BEGIN Supplied data

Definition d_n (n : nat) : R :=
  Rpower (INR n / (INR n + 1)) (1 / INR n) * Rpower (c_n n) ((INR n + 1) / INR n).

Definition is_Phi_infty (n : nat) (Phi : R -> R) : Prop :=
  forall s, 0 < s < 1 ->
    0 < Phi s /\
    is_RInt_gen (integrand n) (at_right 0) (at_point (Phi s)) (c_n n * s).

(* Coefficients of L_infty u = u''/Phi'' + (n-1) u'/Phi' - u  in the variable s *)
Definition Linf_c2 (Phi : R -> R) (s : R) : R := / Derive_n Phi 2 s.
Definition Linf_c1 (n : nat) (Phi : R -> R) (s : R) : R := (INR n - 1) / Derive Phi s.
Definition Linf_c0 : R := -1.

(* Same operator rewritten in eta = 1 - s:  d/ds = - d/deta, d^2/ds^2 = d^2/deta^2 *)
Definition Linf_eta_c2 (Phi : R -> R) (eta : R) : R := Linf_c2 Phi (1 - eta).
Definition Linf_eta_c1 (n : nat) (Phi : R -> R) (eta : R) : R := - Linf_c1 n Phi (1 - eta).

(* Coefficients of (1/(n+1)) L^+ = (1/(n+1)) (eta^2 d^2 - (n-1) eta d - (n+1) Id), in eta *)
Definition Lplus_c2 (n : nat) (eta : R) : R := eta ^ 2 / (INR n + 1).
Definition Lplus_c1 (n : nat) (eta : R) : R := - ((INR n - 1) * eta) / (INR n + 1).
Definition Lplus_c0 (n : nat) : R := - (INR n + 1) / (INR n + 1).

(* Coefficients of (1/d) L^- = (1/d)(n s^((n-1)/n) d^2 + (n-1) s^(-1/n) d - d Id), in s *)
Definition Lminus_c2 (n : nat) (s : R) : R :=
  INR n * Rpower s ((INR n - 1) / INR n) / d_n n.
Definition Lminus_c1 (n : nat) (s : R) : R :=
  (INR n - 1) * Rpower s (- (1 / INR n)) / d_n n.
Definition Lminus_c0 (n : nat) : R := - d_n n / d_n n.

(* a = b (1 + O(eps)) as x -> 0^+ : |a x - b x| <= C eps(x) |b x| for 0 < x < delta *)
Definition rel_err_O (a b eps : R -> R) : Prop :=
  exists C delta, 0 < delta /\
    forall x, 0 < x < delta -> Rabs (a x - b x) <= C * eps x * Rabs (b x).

END Supplied data
BEGIN Supplied data

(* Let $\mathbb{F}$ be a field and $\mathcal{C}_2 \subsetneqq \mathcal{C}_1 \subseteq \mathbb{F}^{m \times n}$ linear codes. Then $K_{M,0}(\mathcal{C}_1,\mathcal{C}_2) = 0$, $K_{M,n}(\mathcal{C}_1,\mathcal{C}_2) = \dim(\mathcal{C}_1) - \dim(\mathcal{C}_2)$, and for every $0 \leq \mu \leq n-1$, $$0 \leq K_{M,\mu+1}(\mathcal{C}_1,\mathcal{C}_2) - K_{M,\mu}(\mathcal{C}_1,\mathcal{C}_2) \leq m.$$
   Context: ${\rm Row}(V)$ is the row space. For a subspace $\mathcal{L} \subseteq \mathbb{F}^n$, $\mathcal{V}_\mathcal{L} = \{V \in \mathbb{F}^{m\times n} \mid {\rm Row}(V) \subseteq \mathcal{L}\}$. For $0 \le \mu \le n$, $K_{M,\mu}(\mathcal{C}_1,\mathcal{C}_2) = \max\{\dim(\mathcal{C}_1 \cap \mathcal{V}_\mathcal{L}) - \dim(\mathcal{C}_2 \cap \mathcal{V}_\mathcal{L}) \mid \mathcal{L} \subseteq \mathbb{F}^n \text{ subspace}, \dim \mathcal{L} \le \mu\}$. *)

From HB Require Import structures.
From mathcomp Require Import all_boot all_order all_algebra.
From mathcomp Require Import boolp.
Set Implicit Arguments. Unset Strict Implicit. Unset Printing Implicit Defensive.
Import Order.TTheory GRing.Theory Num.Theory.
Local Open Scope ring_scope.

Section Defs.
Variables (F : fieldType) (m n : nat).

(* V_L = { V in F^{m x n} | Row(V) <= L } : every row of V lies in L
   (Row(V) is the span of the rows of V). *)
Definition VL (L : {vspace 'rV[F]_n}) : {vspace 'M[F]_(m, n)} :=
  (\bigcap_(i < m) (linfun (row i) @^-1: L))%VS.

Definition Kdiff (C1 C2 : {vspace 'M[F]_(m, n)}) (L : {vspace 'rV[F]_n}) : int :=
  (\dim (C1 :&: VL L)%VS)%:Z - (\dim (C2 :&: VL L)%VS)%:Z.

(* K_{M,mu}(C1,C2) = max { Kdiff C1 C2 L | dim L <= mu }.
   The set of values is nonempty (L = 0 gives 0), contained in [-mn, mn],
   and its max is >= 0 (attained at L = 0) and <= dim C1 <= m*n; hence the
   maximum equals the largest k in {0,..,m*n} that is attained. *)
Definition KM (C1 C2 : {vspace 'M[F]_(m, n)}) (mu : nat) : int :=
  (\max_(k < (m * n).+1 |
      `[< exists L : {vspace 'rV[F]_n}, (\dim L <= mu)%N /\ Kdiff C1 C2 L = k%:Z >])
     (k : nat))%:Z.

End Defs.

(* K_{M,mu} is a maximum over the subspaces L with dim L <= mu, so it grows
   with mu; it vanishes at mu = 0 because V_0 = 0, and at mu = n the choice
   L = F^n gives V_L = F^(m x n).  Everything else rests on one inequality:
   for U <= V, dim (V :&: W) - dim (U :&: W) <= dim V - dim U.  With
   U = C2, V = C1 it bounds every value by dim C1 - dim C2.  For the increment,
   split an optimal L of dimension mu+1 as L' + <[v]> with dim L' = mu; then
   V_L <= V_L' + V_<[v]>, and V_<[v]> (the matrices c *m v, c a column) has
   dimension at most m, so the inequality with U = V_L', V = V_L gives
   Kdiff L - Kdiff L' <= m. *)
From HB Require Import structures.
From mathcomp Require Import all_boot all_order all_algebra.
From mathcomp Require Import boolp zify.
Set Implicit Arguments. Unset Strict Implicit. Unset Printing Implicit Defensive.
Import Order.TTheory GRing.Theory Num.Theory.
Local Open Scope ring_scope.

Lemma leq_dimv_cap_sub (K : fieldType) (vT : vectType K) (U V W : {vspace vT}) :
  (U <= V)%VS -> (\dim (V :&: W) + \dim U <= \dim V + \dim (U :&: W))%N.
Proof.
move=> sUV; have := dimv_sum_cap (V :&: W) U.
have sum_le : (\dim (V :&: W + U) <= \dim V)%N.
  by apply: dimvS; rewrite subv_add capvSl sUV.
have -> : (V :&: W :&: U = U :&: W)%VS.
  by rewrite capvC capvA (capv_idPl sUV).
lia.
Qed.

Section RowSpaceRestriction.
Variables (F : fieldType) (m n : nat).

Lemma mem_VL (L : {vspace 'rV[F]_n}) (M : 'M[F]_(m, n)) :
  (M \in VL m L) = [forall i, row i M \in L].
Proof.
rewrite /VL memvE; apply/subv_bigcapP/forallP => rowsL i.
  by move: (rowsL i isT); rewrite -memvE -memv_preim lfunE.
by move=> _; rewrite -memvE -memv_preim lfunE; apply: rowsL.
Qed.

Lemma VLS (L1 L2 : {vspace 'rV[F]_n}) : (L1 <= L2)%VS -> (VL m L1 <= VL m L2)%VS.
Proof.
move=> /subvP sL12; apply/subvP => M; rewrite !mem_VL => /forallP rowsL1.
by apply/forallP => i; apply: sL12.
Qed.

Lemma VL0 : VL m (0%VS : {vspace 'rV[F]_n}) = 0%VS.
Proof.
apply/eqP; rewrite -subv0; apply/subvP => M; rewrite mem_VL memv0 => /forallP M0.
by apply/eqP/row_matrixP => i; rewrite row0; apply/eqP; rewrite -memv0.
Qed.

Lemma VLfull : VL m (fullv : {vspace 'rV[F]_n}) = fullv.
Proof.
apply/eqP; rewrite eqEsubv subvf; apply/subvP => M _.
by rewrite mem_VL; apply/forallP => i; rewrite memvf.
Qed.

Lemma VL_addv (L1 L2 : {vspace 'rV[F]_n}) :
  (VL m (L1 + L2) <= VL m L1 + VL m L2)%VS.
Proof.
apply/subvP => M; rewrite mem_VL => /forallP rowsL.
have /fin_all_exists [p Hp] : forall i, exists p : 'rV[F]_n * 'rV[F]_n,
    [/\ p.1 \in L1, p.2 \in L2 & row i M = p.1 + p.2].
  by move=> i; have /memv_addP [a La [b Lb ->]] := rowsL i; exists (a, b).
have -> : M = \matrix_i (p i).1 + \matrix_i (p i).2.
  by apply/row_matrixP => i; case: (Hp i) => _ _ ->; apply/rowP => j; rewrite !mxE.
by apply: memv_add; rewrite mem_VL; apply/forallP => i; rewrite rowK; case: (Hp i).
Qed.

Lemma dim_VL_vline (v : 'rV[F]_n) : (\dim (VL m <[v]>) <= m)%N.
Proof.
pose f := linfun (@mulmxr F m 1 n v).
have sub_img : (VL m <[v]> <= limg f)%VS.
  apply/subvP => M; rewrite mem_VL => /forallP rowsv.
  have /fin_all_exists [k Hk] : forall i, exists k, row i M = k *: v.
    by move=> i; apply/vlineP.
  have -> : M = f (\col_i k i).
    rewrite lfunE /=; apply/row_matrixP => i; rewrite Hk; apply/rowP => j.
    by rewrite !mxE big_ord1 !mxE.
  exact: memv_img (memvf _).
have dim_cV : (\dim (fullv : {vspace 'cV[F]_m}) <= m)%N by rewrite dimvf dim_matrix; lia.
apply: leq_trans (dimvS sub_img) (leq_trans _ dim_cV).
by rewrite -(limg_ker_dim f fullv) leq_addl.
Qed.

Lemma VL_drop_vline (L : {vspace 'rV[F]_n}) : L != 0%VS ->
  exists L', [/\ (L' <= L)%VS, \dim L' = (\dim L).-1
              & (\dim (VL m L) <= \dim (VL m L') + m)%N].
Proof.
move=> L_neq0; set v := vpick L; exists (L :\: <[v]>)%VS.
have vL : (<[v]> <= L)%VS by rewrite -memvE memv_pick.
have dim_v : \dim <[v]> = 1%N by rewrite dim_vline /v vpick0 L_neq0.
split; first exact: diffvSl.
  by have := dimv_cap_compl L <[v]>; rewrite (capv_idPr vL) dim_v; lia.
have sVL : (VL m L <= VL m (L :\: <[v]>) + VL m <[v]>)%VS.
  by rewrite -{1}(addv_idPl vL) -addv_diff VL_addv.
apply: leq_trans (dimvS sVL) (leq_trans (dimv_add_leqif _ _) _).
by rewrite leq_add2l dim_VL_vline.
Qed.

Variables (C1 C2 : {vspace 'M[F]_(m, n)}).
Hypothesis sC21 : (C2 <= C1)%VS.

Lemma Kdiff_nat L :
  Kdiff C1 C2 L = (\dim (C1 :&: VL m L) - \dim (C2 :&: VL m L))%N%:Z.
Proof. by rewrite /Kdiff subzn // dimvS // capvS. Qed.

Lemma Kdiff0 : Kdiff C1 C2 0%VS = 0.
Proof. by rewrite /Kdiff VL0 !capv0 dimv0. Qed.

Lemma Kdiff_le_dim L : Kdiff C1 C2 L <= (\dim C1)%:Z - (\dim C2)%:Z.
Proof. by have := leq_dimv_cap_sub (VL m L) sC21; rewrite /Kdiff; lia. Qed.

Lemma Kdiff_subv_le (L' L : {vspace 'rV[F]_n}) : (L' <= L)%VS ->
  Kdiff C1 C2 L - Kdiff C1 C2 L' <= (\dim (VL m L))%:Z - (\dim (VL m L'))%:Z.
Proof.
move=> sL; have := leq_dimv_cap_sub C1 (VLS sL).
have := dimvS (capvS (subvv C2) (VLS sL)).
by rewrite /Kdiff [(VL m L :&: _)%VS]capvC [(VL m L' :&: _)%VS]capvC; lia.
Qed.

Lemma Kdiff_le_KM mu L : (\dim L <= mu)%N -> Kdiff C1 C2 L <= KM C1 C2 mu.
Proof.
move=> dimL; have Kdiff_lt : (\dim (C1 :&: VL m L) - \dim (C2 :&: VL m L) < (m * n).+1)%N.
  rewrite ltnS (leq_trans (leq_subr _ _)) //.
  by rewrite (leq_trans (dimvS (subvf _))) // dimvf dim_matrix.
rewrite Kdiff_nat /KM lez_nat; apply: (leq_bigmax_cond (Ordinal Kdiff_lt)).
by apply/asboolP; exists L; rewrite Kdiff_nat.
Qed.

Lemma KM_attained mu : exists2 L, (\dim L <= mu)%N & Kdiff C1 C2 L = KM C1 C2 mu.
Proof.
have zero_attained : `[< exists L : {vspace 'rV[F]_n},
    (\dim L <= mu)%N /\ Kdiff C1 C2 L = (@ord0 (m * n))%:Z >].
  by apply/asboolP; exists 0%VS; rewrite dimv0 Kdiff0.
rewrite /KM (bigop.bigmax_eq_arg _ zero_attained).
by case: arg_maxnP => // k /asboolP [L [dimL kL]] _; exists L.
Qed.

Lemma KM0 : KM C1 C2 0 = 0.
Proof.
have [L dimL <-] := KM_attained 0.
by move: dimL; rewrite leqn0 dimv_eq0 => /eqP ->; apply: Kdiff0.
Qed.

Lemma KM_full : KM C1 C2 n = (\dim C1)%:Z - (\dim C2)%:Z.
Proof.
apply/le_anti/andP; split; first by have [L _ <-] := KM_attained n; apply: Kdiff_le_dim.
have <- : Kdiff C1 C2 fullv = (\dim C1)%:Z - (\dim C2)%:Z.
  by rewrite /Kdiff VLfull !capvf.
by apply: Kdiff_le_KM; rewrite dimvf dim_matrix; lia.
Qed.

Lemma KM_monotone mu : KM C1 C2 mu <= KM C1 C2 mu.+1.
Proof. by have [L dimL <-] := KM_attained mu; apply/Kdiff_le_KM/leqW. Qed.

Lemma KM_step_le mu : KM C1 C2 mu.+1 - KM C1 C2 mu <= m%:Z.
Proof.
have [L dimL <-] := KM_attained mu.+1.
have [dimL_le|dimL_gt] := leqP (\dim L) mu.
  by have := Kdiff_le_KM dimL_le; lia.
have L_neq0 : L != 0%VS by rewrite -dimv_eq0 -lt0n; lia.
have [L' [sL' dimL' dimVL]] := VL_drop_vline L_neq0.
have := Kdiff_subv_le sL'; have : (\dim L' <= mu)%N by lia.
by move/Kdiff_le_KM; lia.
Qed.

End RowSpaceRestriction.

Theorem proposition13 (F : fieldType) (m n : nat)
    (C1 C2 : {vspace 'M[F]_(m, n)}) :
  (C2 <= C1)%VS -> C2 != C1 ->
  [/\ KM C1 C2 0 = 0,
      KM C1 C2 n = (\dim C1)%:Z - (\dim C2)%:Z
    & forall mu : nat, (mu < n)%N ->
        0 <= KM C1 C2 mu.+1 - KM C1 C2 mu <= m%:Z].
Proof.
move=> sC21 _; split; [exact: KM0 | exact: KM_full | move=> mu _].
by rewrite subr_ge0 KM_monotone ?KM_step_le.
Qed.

END Supplied data
BEGIN Supplied data

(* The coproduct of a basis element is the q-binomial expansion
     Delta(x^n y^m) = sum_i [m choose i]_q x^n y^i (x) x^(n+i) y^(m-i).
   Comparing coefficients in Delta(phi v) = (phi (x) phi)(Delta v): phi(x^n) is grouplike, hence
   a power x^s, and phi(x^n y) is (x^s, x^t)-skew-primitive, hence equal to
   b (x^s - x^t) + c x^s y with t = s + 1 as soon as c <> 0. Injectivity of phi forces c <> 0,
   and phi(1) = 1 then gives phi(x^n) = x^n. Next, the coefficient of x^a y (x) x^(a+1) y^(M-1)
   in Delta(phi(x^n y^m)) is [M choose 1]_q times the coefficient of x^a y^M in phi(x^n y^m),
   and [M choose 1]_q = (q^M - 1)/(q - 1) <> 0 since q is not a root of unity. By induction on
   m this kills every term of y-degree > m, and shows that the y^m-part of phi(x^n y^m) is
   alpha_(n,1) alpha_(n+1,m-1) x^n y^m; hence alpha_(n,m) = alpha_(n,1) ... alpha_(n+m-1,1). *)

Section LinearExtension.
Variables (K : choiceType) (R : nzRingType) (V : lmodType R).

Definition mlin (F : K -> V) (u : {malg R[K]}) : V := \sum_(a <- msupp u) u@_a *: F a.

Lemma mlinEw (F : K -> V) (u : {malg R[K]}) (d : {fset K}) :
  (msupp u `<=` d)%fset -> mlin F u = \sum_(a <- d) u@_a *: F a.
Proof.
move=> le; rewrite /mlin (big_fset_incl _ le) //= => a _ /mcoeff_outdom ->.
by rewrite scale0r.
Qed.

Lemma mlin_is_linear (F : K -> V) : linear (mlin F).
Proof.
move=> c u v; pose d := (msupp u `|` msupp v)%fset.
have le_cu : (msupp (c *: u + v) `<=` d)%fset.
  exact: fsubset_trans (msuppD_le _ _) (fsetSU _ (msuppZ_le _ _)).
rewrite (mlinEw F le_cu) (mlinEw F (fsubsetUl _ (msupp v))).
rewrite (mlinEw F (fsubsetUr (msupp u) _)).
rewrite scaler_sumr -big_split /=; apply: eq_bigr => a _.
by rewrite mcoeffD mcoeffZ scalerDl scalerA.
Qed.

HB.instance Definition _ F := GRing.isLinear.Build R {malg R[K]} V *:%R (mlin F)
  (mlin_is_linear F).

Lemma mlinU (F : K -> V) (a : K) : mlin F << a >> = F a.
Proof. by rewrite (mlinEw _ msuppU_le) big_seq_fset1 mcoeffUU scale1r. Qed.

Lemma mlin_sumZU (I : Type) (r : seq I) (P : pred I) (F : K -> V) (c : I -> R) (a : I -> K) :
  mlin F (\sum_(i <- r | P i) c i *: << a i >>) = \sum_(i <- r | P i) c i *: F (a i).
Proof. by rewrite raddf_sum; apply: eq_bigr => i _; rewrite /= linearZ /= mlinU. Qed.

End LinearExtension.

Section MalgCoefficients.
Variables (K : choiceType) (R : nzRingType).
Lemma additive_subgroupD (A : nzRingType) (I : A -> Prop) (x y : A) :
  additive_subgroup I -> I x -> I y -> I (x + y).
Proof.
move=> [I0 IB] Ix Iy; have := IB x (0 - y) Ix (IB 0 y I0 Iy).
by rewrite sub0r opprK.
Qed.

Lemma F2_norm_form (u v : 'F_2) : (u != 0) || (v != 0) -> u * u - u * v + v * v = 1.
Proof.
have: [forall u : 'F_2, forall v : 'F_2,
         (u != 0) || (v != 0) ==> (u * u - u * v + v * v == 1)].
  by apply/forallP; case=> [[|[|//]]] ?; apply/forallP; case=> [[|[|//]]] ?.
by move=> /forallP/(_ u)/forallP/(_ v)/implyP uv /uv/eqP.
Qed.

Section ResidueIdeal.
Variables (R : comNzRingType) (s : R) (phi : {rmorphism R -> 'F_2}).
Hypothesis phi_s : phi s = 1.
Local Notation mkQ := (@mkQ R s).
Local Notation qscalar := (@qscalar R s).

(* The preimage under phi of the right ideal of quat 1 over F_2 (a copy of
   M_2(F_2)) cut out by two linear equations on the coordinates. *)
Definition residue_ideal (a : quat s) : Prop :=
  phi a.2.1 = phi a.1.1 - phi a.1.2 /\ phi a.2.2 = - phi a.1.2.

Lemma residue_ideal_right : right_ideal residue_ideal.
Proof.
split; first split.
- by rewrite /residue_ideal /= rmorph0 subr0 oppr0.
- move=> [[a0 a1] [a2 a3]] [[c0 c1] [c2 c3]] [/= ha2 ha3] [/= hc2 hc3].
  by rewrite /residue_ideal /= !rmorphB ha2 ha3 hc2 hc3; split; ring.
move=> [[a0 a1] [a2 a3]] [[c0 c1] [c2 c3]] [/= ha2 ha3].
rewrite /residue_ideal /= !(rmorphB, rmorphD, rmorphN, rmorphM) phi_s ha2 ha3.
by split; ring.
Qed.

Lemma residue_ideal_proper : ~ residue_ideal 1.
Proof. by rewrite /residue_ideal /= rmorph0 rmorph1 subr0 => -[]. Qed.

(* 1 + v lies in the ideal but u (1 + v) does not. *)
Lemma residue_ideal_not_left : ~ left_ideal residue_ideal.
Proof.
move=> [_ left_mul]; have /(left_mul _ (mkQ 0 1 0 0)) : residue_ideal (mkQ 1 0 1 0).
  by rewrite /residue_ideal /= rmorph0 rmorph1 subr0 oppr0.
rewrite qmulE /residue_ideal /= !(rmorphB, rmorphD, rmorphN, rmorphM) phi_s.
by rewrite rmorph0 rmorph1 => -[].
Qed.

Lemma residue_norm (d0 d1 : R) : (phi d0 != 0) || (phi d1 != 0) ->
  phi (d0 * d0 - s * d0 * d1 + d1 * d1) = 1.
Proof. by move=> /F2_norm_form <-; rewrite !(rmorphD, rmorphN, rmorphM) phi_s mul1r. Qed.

END Supplied data

To do
A copy of each line in the data above that holds the string "inequality" is needed.

Written response
   L = F^n gives V_L = F^(m x n).  Everything else rests on one inequality:
   dimension at most m, so the inequality with U = V_L', V = V_L gives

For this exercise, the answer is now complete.